--- Provided records Enclosed Below ---

(* Let $S^0\subset X$ and let $\mu^0$ be a stationary policy such that $f(x,\mu^0(x))\in S^0$ for all $x\in S^0$. Define $\bar J_{S^0}:X\to[0,\infty]$ by $\bar J_{S^0}(x)=J_{\mu^0}(x)$ if $x\in S^0$ and $\bar J_{S^0}(x)=\infty$ otherwise. Fix an integer $\ell\ge 1$, and let $\tilde J_{S^0}$ and the rollout policy $\tilde\mu$ be defined from $\bar J_{S^0}$ as in the context. Then $$J_{\tilde\mu}(x)\le \tilde J_{S^0}(x)\le \bar J_{S^0}(x)\quad\text{for all }x\in X.$$
   Context: Deterministic infinite-horizon problem: arbitrary state space $X$ and control space $U$, dynamics $x_{k+1}=f(x_k,u_k)$ with $f:X\times U\to X$, nonempty control constraint sets $U(x)\subset U$, and stage cost $g(x,u)\in[0,\infty]$ for all $x\in X$, $u\in U(x)$ (the value $\infty$ is allowed). A stationary policy is a map $\mu:X\to U$ with $\mu(x)\in U(x)$ for all $x$. Its cost function is $J_\mu(x_0)=\sum_{k=0}^\infty g(x_k,\mu(x_k))\in[0,\infty]$, where $x_{k+1}=f(x_k,\mu(x_k))$. Standing assumption (Assumption 1): for every function $J:X\to[0,\infty]$ and every $x\in X$, the infimum $\inf_{u\in U(x)}\{g(x,u)+J(f(x,u))\}$ is attained. Rollout: given a terminal function $\bar J:X\to[0,\infty]$ and an integer $\ell\ge1$, for $x\in X$ let $\tilde J(x)$ be the optimal value of the problem of minimizing $\sum_{k=0}^{\ell-1}g(x_k,u_k)+\bar J(x_\ell)$ over $(u_0,\dots,u_{\ell-1})$ subject to $x_0=x$, $x_{k+1}=f(x_k,u_k)$, $u_k\in U(x_k)$ for $k=0,\dots,\ell-1$. Equivalently, $\tilde J=J_\ell$ where $J_0=\bar J$ and $J_{k+1}(x)=\min_{u\in U(x)}\{g(x,u)+J_k(f(x,u))\}$. The rollout policy $\tilde\mu$ is defined by $\tilde\mu(x)=\tilde u_0$, where $(\tilde u_0,\dots,\tilde u_{\ell-1})$ is a minimizing sequence of this problem at $x$; equivalently, $\tilde\mu(x)\in\arg\min_{u\in U(x)}\{g(x,u)+J_{\ell-1}(f(x,u))\}$. When $\bar J=\bar J_{S^0}$ the optimal value is denoted $\tilde J_{S^0}$. *)

From HB Require Import structures.
From mathcomp Require Import all_boot all_order all_algebra.
From mathcomp Require Import all_classical all_reals all_analysis.
Set Implicit Arguments. Unset Strict Implicit. Unset Printing Implicit Defensive.
Import Order.TTheory GRing.Theory Num.Theory.
Local Open Scope classical_set_scope.
Local Open Scope ereal_scope.

Section DP.
Context {R : realType} {X U : Type}.
Variables (f : X -> U -> X) (Uc : X -> set U) (g : X -> U -> \bar R).

Definition is_policy (mu : X -> U) : Prop := forall x, Uc x (mu x).

Fixpoint traj (mu : X -> U) (x0 : X) (k : nat) : X :=
  match k with
  | 0%N => x0
  | k'.+1 => let y := traj mu x0 k' in f y (mu y)
  end.

Definition Jpol (mu : X -> U) (x0 : X) : \bar R :=
  \sum_(k <oo) g (traj mu x0 k) (mu (traj mu x0 k)).

Definition bellman (J : X -> \bar R) (x : X) : \bar R :=
  ereal_inf [set g x u + J (f x u) | u in Uc x].

(* J_k = T^k Jbar ; the l-step lookahead value is J_l *)
Fixpoint VI (Jbar : X -> \bar R) (k : nat) : X -> \bar R :=
  match k with
  | 0%N => Jbar
  | k'.+1 => bellman (VI Jbar k')
  end.

Definition assumption1 : Prop :=
  forall J : X -> \bar R, (forall x, 0 <= J x) ->
  forall x, exists2 u, Uc x u & g x u + J (f x u) = bellman J x.

Definition JbarS (S0 : set X) (mu0 : X -> U) (x : X) : \bar R :=
  if x \in S0 then Jpol mu0 x else +oo.

Definition is_rollout (Jbar : X -> \bar R) (l : nat) (mu : X -> U) : Prop :=
  is_policy mu /\
  forall x, g x (mu x) + VI Jbar l.-1 (f x (mu x)) = VI Jbar l x.

End DP.

From HB Require Import structures.
From mathcomp Require Import all_boot all_order all_algebra.
From mathcomp Require Import all_classical all_reals all_analysis.
Import Order.TTheory GRing.Theory Num.Theory.
Local Open Scope classical_set_scope.
Local Open Scope ereal_scope.

(* Write T for the Bellman operator and J_k = T^k Jbar.  The proof rests on
   two general facts about nonnegative costs in [0, +oo]:
   (a) if T Jbar <= Jbar, then by monotonicity of T the sequence J_k is
       nonincreasing, so J_l <= J_(l-1) <= ... <= Jbar;
   (b) (verification lemma) if a policy mu and a function V >= 0 satisfy the
       one-step descent g(x, mu x) + V(f(x, mu x)) <= V(x) everywhere, then
       J_mu <= V, since every partial sum of the cost plus V at the current
       state is bounded by V(x).
   For Jbar = Jbar_{S0}, invariance of S0 under mu0 and the cost recursion
   J_mu0(x) = g(x, mu0 x) + J_mu0(f(x, mu0 x)) give T Jbar <= Jbar.  Then
   (a) gives J_l <= Jbar, and the rollout identity
   g(x, mu~ x) + J_(l-1)(f(x, mu~ x)) = J_l(x) together with J_l <= J_(l-1)
   gives the descent inequality for V = J_l, so (b) yields J_mu~ <= J_l. *)

Section RolloutBounds.
Context {R : realType} {X U : Type}.
Variables (f : X -> U -> X) (Uc : X -> set U) (g : X -> U -> \bar R).
Hypothesis g_ge0 : forall x u, Uc x u -> 0 <= g x u.

Lemma traj_succ (mu : X -> U) x k :
  traj f mu x k.+1 = traj f mu (f x (mu x)) k.
Proof. by elim: k => [|k IH] //=; rewrite -IH. Qed.

Lemma Jpol_ge0 mu : is_policy Uc mu -> forall x, 0 <= Jpol f g mu x.
Proof. by move=> mu_pol x; apply: nneseries_ge0 => n _ _; exact: g_ge0. Qed.

Lemma Jpol_step mu : is_policy Uc mu -> forall x,
  Jpol f g mu x = g x (mu x) + Jpol f g mu (f x (mu x)).
Proof.
move=> mu_pol x; rewrite /Jpol nneseries_recl //; last by move=> k _; exact: g_ge0.
congr (_ + _); rewrite -nneseries_addn; last by move=> i; exact: g_ge0.
by apply: eq_eseriesr => i _; rewrite addn1 traj_succ.
Qed.

Lemma bellman_le J x u : Uc x u -> bellman f Uc g J x <= g x u + J (f x u).
Proof. by move=> Uxu; apply: ereal_inf_lbound; exists u. Qed.

Lemma bellman_ge0 J : (forall y, 0 <= J y) -> forall x, 0 <= bellman f Uc g J x.
Proof.
move=> J_ge0 x; apply/ereal_infP => _ [u Uxu <-].
by apply: adde_ge0; [exact: g_ge0 | exact: J_ge0].
Qed.

Lemma bellman_mono J1 J2 : (forall y, J1 y <= J2 y) ->
  forall x, bellman f Uc g J1 x <= bellman f Uc g J2 x.
Proof.
move=> le_J x; rewrite {2}/bellman; apply/ereal_infP => _ [u Uxu <-].
by apply: le_trans (bellman_le J1 x u Uxu) _; apply: leeD.
Qed.

Lemma VI_ge0 J : (forall y, 0 <= J y) -> forall k x, 0 <= VI f Uc g J k x.
Proof. by move=> J_ge0; elim=> [|k IH] x //=; exact: bellman_ge0. Qed.

Lemma VI_succ_le J : (forall x, bellman f Uc g J x <= J x) ->
  forall k x, VI f Uc g J k.+1 x <= VI f Uc g J k x.
Proof.
move=> TJ_le; elim=> [|k IH] x; first exact: TJ_le.
by rewrite [VI _ _ _ _ k.+2 _]/=; exact: bellman_mono.
Qed.

Lemma VI_le_terminal J : (forall x, bellman f Uc g J x <= J x) ->
  forall k x, VI f Uc g J k x <= J x.
Proof.
move=> TJ_le; elim=> [|k IH] x //.
exact: le_trans (VI_succ_le J TJ_le k x) (IH x).
Qed.

Section Verification.
Variables (mu : X -> U) (V : X -> \bar R).
Hypothesis mu_pol : is_policy Uc mu.
Hypothesis V_ge0 : forall x, 0 <= V x.
Hypothesis descent : forall x, g x (mu x) + V (f x (mu x)) <= V x.

Lemma partial_cost_le x n :
  \sum_(0 <= k < n) g (traj f mu x k) (mu (traj f mu x k))
    + V (traj f mu x n) <= V x.
Proof.
elim: n => [|n IH]; first by rewrite big_geq // add0e.
rewrite big_nat_recr //= -addeA; apply: le_trans IH.
by apply: leeD => //; exact: descent.
Qed.

Lemma Jpol_le_descent x : Jpol f g mu x <= V x.
Proof.
apply: lime_le; first by apply: is_cvg_nneseries => n _ _; exact: g_ge0.
apply: nearW => n; apply: le_trans (partial_cost_le x n).
by rewrite -[X in X <= _]adde0; apply: leeD.
Qed.

End Verification.

Section TerminalCost.
Variables (S0 : set X) (mu0 : X -> U).
Hypothesis mu0_pol : is_policy Uc mu0.
Hypothesis S0_inv : forall x, S0 x -> S0 (f x (mu0 x)).

Lemma JbarS_ge0 x : 0 <= JbarS f g S0 mu0 x.
Proof. by rewrite /JbarS; case: ifP => _ //; exact: Jpol_ge0. Qed.

(* Jbar_{S0} is excessive: on S0 the control mu0 keeps the state in S0 and
   realizes the cost recursion; off S0 the bound +oo is trivial. *)
Lemma JbarS_excessive x :
  bellman f Uc g (JbarS f g S0 mu0) x <= JbarS f g S0 mu0 x.
Proof.
rewrite {2}/JbarS; case: ifPn => [/set_mem S0x|_]; last by rewrite leey.
apply: le_trans (bellman_le _ x (mu0 x) (mu0_pol x)) _.
rewrite (Jpol_step mu0 mu0_pol x) /JbarS.
by rewrite (mem_set (S0_inv x S0x)).
Qed.

End TerminalCost.

Lemma rollout_descent J l mu : (1 <= l)%N ->
  (forall x, bellman f Uc g J x <= J x) -> is_rollout f Uc g J l mu ->
  forall x, g x (mu x) + VI f Uc g J l (f x (mu x)) <= VI f Uc g J l x.
Proof.
case: l => [//|l] _ TJ_le [_ roll] x.
by rewrite -(roll x); apply: leeD => //; exact: VI_succ_le.
Qed.

End RolloutBounds.

Theorem proposition2 (R : realType) (X U : Type)
  (f : X -> U -> X) (Uc : X -> set U) (g : X -> U -> \bar R)
  (g_ge0 : forall x u, Uc x u -> 0 <= g x u)
  (A1 : assumption1 f Uc g)
  (S0 : set X) (mu0 : X -> U)
  (mu0_pol : is_policy Uc mu0)
  (S0_inv : forall x, S0 x -> S0 (f x (mu0 x)))
  (l : nat) (hl : (1 <= l)%N)
  (mut : X -> U)
  (mut_roll : is_rollout f Uc g (JbarS f g S0 mu0) l mut) :
  forall x : X,
    Jpol f g mut x <= VI f Uc g (JbarS f g S0 mu0) l x /\
    VI f Uc g (JbarS f g S0 mu0) l x <= JbarS f g S0 mu0 x.
Proof.
set Jb := JbarS f g S0 mu0.
have excessive : forall y, bellman f Uc g Jb y <= Jb y.
  exact: JbarS_excessive f Uc g g_ge0 S0 mu0 mu0_pol S0_inv.
have lookahead_ge0 : forall y, 0 <= VI f Uc g Jb l y.
  exact: VI_ge0 f Uc g g_ge0 Jb (JbarS_ge0 f Uc g g_ge0 S0 mu0 mu0_pol) l.
have descent := rollout_descent f Uc g Jb l mut hl excessive mut_roll.
move=> x; split; last exact: VI_le_terminal.
exact: Jpol_le_descent f Uc g g_ge0 mut _ mut_roll.1 lookahead_ge0 descent x.
Qed.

--- End of Enclosed Provided records ---

# Exercise
When you reach the line with "J_mu <= V, since" in the records above, start writing out lines exactly, and stop once the line with "J_mu0(x) = g(x, mu0" has been written; include nothing else.

# Result below
       J_mu <= V, since every partial sum of the cost plus V at the current
       state is bounded by V(x).
   For Jbar = Jbar_{S0}, invariance of S0 under mu0 and the cost recursion
   J_mu0(x) = g(x, mu0 x) + J_mu0(f(x, mu0 x)) give T Jbar <= Jbar.  Then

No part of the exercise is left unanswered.